Allen v. State

57 A. 646, 98 Md. 697
CourtCourt of Appeals of Maryland
DecidedMarch 5, 1904
StatusPublished

This text of 57 A. 646 (Allen v. State) is published on Counsel Stack Legal Research, covering Court of Appeals of Maryland primary law. Counsel Stack provides free access to over 12 million legal documents including statutes, case law, regulations, and constitutions.

Bluebook
Allen v. State, 57 A. 646, 98 Md. 697 (Md. 1904).

Opinion

Pearce, J.,

delivered the opinion of the Court.

This suit was brought by the State of Maryland upon the official bond of Edward M. Allen, Jr., treasurer of Harford *698 County for the years 1898 and 1899, to recover a balance of $1,027.84 due for State taxes on mortgages for the years named.

The defendants pleaded : 1st. General performance—2nd. That under section 262Q of Article 13 of the Code of Public Local Laws of Maryland, title, Harford County, sub-title taxes (being ch. 204 of the Acts of 1898), the defendant, Allen, was entitled to a commission of two per cent upon the State taxes by him collected and turned over to the treasurer of the State for the years 1898 and 1899, but which the Comptroller of the State refused to allow him in the settlement of his accounts for those years. The State joined issue on the first plea, and demurred to the second plea, and, the demurrer being sustained, judgment was entered for the penalty of the bond, to be released on payment of the amount due as shown by the Comptroller’s statement and certificate filed with-the declaration.

Section 262Q is in these words: “The said treasurer shall pay over the State taxes by him from time to time collected, as required by the laws of this State, less a commission of two per centum to the said treasurer for collecting the same;” and it was agreed that the only question raised by the demurrer was whether the treasurer is entitled to the two per cent commission from the State, or from Harford County, it being admitted that he had retained two per cent on the State tax collected by him, and -that the amount claimed by the State was the amount so retained.
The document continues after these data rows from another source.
Lemma sparse_colimit :
  is_colimit sparse_le sparse_stage sparse_incl cube sparse_cocone.
Proof.
  split; [| split].
  - intros B. apply subspace_val_continuous.
  - intros B B' h p. reflexivity.
  - intros Y e He Hecomp.
    assert (Hsingle : forall y : cube, sparse_set (fun q => q = y)).
    { intros y. apply sparse_subsingleton. intros k k' E E'. apply d_inj. congruence. }
    set (single := fun y => exist sparse_set (fun q => q = y) (Hsingle y)).
    set (u := fun y => e (single y) (exist _ y eq_refl)).
    assert (Hu : forall B (p : sparse_stage B), u (proj1_sig p) = e B p).
    { intros B [y Hy]. simpl.
      assert (h : sparse_le (single y) B) by (intros q Eq; simpl in Eq; subst q; exact Hy).
      unfold u. rewrite <- (Hecomp _ _ h). f_equal. apply sig_ext. reflexivity. }
    exists u. split; [| split].
    + intros V HV. apply (cube_open_of_sparse_traces d); [exact d_inj |].
      intros B HB. destruct (He (exist _ B HB) V HV) as [V' [HV' EV']].
      exists V'. split; [exact HV' |]. intros y By.
      change (V (u y) <-> V' y). rewrite (Hu (exist _ B HB) (exist _ y By) : u y = _).
      exact (EV' (exist _ y By)).
    + intros B p. apply Hu.
    + intros u' _ Hu' y. exact (Hu' (single y) (exist _ y eq_refl)).
Qed.

End SparseSubspaces.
The State bases the demurrer upon two grounds :

1st. That the two per cent commission allowed is payable by the county and not by the State, and that the treasurer must therefore pay over to the State the full amount collectéd by him, and look to the county for his compensation.

2nd. That if this be not the proper construction of the law, and the intention of the Legislature was that the commission should be borne by the State, then that section of the law is in conflict with Article 1.5 of the Bill of Rights and is unconstitutional and void.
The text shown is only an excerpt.